The number of unionized workers in America increased by about 50,000 to nearly 14.8 million workers in 2011, according to a Bureau of Labor Statistics survey released today, the Associated Press reported.
Unions added 110,000 members in the private sector, mostly in construction, healthcare services, retail trade, primary metals and fabricated metal products, hospitals and transportation, according to the Los Angeles Times. However, those gains were offset by the departure of about 61,000 government employees who lost their jobs, according to the AP.

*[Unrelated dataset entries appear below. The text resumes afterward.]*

(* Let $X$ be a connected, locally path connected space, $n\in\mathbb{N}$, and let $A_1,\dots,A_n\subseteq X$ be open subsets such that each closure $\overline{A_i}$ is path connected. Let $p:X\to X/(A_1,\dots,A_n)$ be the associated quotient map, and suppose $X/(A_1,\dots,A_n)$ is semi-locally simply connected. Then for every $a\in\bigcup_{i=1}^n A_i$, with $*=p(a)$, the homomorphism $p_*:\pi_1^{top}(X,a)\to\pi_1^{top}(X/(A_1,\dots,A_n),* )$ is surjective.
   Context: For subsets $A_1,\dots,A_n$ of a space $X$, $X/(A_1,\dots,A_n)$ denotes the quotient space of $X$ by the equivalence relation generated by identifying all points of $A_i$ with each other for each $i$, and $p$ is the quotient map. $\pi_1^{top}(X,x)$ is $\pi_1(X,x)$ with the quotient topology from the loop space $\Omega(X,x)$ with the compact-open topology. A space $Y$ is semi-locally simply connected if every $y\in Y$ has an open neighborhood $U$ such that every loop in $U$ based at $y$ is nullhomotopic in $Y$. *)

From Stdlib Require Import Reals Relations.
Open Scope R_scope.

Definition IsTopology {X : Type} (O : (X -> Prop) -> Prop) : Prop :=
  O (fun _ => True) /\
  (forall U V, O U -> O V -> O (fun x => U x /\ V x)) /\
  (forall F : (X -> Prop) -> Prop, (forall U, F U -> O U) ->
      O (fun x => exists U, F U /\ U x)).

Definition I01 : Type := { t : R | 0 <= t <= 1 }.
Definition I0 : I01 := exist _ 0 (conj (Rle_refl 0) Rle_0_1).
Definition I1 : I01 := exist _ 1 (conj Rle_0_1 (Rle_refl 1)).

Definition open_I (U : I01 -> Prop) : Prop :=
  forall t, U t -> exists eps, eps > 0 /\
    forall s : I01, Rabs (proj1_sig s - proj1_sig t) < eps -> U s.

Definition open_II (U : I01 -> I01 -> Prop) : Prop :=
  forall s t, U s t -> exists eps, eps > 0 /\
    forall s' t' : I01, Rabs (proj1_sig s' - proj1_sig s) < eps ->
       Rabs (proj1_sig t' - proj1_sig t) < eps -> U s' t'.

Section Top.
Context {X : Type} (O : (X -> Prop) -> Prop).

Definition continuous_from_I (f : I01 -> X) : Prop :=
  forall U, O U -> open_I (fun t => U (f t)).

Definition continuous_from_II (H : I01 -> I01 -> X) : Prop :=
  forall U, O U -> open_II (fun s t => U (H s t)).

Definition is_path (f : I01 -> X) (x y : X) : Prop :=
  continuous_from_I f /\ f I0 = x /\ f I1 = y.

Definition is_loop (f : I01 -> X) (x : X) : Prop := is_path f x x.

Definition loop_homotopic (x : X) (f g : I01 -> X) : Prop :=
  exists H : I01 -> I01 -> X, continuous_from_II H /\
    (forall t, H I0 t = f t) /\ (forall t, H I1 t = g t) /\
    (forall s, H s I0 = x) /\ (forall s, H s I1 = x).

Definition path_connected_set (S : X -> Prop) : Prop :=
  forall x y, S x -> S y -> exists f, is_path f x y /\ forall t, S (f t).

Definition connected_space : Prop :=
  forall U V, O U -> O V -> (forall x, U x \/ V x) ->
    (forall x, U x -> V x -> False) ->
    (forall x, ~ U x) \/ (forall x, ~ V x).

Definition locally_path_connected : Prop :=
  forall x U, O U -> U x -> exists V, O V /\ V x /\
    (forall y, V y -> U y) /\ path_connected_set V.

Definition closure (A : X -> Prop) (x : X) : Prop :=
  forall U, O U -> U x -> exists y, U y /\ A y.

Definition semi_locally_simply_connected : Prop :=
  forall y, exists U, O U /\ U y /\
    forall f, is_loop f y -> (forall t, U (f t)) ->
      loop_homotopic y f (fun _ => y).

End Top.

Definition ident_rel {X : Type} (n : nat) (A : nat -> X -> Prop) : relation X :=
  clos_refl_sym_trans X (fun x y => exists i, (i < n)%nat /\ A i x /\ A i y).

"Good union jobs are beginning to come back despite an unprecedented volley of partisan political attacks on workers' rights and the continuing insecurity of our economic crisis,” AFL-CIO President Richard Trumka said in a statement, according to the LA Times.
While membership rolls grew, the percentage of union members in the overall workforce declined slightly, from 11.9 percent in 2010 to 11.8 percent in 2011, Bloomberg News reported.
According to the AP:
Union membership has declined steadily from its peak of about a third of all workers in the 1950s, and about 20 percent in 1983. The losses have been especially steep in private industry with the loss of manufacturing jobs that traditionally were heavily unionized.
New York’s union membership rate of 24 percent was the highest in the country, while North Carolina was the least unionized state, with only 2.9 percent of workers belonging to a union, Bloomberg News reported.
The BLS report noted that the average weekly earnings of union workers in 2011 was $938 while non-union workers earned $729, according to Bloomberg News.